Collected data entries:
* * *
(* Let $\sigma$ be an erasing $k$-block substitution with $w_\epsilon\ne1^k$ that satisfies the optimality condition. Let $y\in\mathbb I$ be a point with the following property: for each $w\in\{0,1\}^\omega$ with $y=0.w$, the sequence of blocks $(b_i)_{i\ge1}$ with $w=\prod_{i\ge1}\sigma(b_i)$ and $\sigma(b_i)\neq\epsilon$ for all $i$ is unique. If moreover $y$ is not a dyadic rational, then the closure of $f_\sigma^{-1}(y)$ in $\mathbb I$ is a Cantor space, i.e. a nonempty, compact, perfect, totally disconnected (nowhere dense) subset of $\mathbb I$.
   Context: Notation: $\mathbb I=[0,1]$. $\{0,1\}^*$ and $\{0,1\}^\omega$ denote finite and infinite binary words, and $\epsilon$ is the empty word. For a word $w$, set $0.w=\sum_iw_i2^{-i}$. For $x\in(0,1]$, $\widetilde x$ is the unique infinite binary expansion of $x$ not ending in $0^\infty$. Fix $k\ge2$. An erasing $k$-block substitution is a map $\sigma:\{0,1\}^k\to\{0,1\}^*$ with exactly one block $w_\epsilon$ such that $\sigma(w_\epsilon)=\epsilon$. It acts blockwise on infinite words, concatenating the images of consecutive $k$-blocks. The map $f_\sigma:\mathbb I\to\mathbb I$ is defined by $f_\sigma(x)=0.\sigma(\widetilde x)$ if $x\in(0,1]$ and $\widetilde x\neq w_\epsilon^\infty$, and $f_\sigma(x)=0$ otherwise. Optimality condition: every $w\in\{0,1\}^\omega$ can be written as $w=\prod_{i\ge1}\sigma(b_i)$ with blocks $b_i\in\{0,1\}^k$ satisfying $\sigma(b_i)\ne\epsilon$. *)

From HB Require Import structures.
From mathcomp Require Import all_boot all_order all_algebra.
From mathcomp Require Import all_classical all_reals all_analysis.
From Stdlib Require Import ClassicalEpsilon.
Set Implicit Arguments. Unset Strict Implicit. Unset Printing Implicit Defensive.
Import Order.TTheory GRing.Theory Num.Theory numFieldNormedType.Exports.
Local Open Scope classical_set_scope.
Local Open Scope ring_scope.

(* Infinite binary words w in {0,1}^omega are functions nat -> bool, with
   (w i) the (i+1)-th letter (true = 1).  Finite words are seq bool. *)

Definition binval {R : realType} (w : nat -> bool) : R :=
  limn (series (fun i : nat => ((w i)%:R / 2 ^+ i.+1 : R))).

Definition ends_in_zeros (w : nat -> bool) : Prop :=
  exists N, forall n, (N <= n)%N -> w n = false.

(* x~ : the unique infinite binary expansion of x not ending in 0^oo
   (chosen by Hilbert's epsilon; for x in (0,1] it exists and is unique). *)
Definition xtilde {R : realType} (x : R) : nat -> bool :=
  epsilon (inhabits (fun _ => false))
    (fun w => binval w = x /\ ~ ends_in_zeros w).

(* Infinite concatenation prod_{i} u_i of finite words: letter n is the n-th
   letter of the finite prefix u_0 ... u_(m-1) for m large enough; if the
   concatenation is a finite word, it is padded with 0s (which does not change
   its binary value 0.(...)). *)
Definition prefix_cat (u : nat -> seq bool) (m : nat) : seq bool :=
  flatten [seq u i | i <- iota 0 m].

Definition inf_cat (u : nat -> seq bool) : nat -> bool :=
  fun n => `[< exists m, nth false (prefix_cat u m) n = true >].

Definition kblock (k : nat) (w : nat -> bool) (i : nat) : k.-tuple bool :=
  [tuple w (i * k + j)%N | j < k].

Definition subst_word (k : nat) (sigma : k.-tuple bool -> seq bool)
  (w : nat -> bool) : nat -> bool :=
  inf_cat (fun i => sigma (kblock k w i)).

Definition erasing_subst (k : nat) (sigma : k.-tuple bool -> seq bool)
  (we : k.-tuple bool) : Prop :=
  sigma we = [::] /\ forall b, sigma b = [::] -> b = we.

Definition is_periodic_block (k : nat) (we : k.-tuple bool) (w : nat -> bool)
  : Prop := forall i, kblock k w i = we.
* * *
* [Brief]:
Set down, exactly and only, the lines running from the one holding "(* x~ : the unique" through the end of the records above, both ends included.

* [Solution]:
(* x~ : the unique infinite binary expansion of x not ending in 0^oo
   (chosen by Hilbert's epsilon; for x in (0,1] it exists and is unique). *)
Definition xtilde {R : realType} (x : R) : nat -> bool :=
  epsilon (inhabits (fun _ => false))
    (fun w => binval w = x /\ ~ ends_in_zeros w).

(* Infinite concatenation prod_{i} u_i of finite words: letter n is the n-th
   letter of the finite prefix u_0 ... u_(m-1) for m large enough; if the
   concatenation is a finite word, it is padded with 0s (which does not change
   its binary value 0.(...)). *)
Definition prefix_cat (u : nat -> seq bool) (m : nat) : seq bool :=
  flatten [seq u i | i <- iota 0 m].

Definition inf_cat (u : nat -> seq bool) : nat -> bool :=
  fun n => `[< exists m, nth false (prefix_cat u m) n = true >].

Definition kblock (k : nat) (w : nat -> bool) (i : nat) : k.-tuple bool :=
  [tuple w (i * k + j)%N | j < k].

Definition subst_word (k : nat) (sigma : k.-tuple bool -> seq bool)
  (w : nat -> bool) : nat -> bool :=
  inf_cat (fun i => sigma (kblock k w i)).

Definition erasing_subst (k : nat) (sigma : k.-tuple bool -> seq bool)
  (we : k.-tuple bool) : Prop :=
  sigma we = [::] /\ forall b, sigma b = [::] -> b = we.

Definition is_periodic_block (k : nat) (we : k.-tuple bool) (w : nat -> bool)
  : Prop := forall i, kblock k w i = we.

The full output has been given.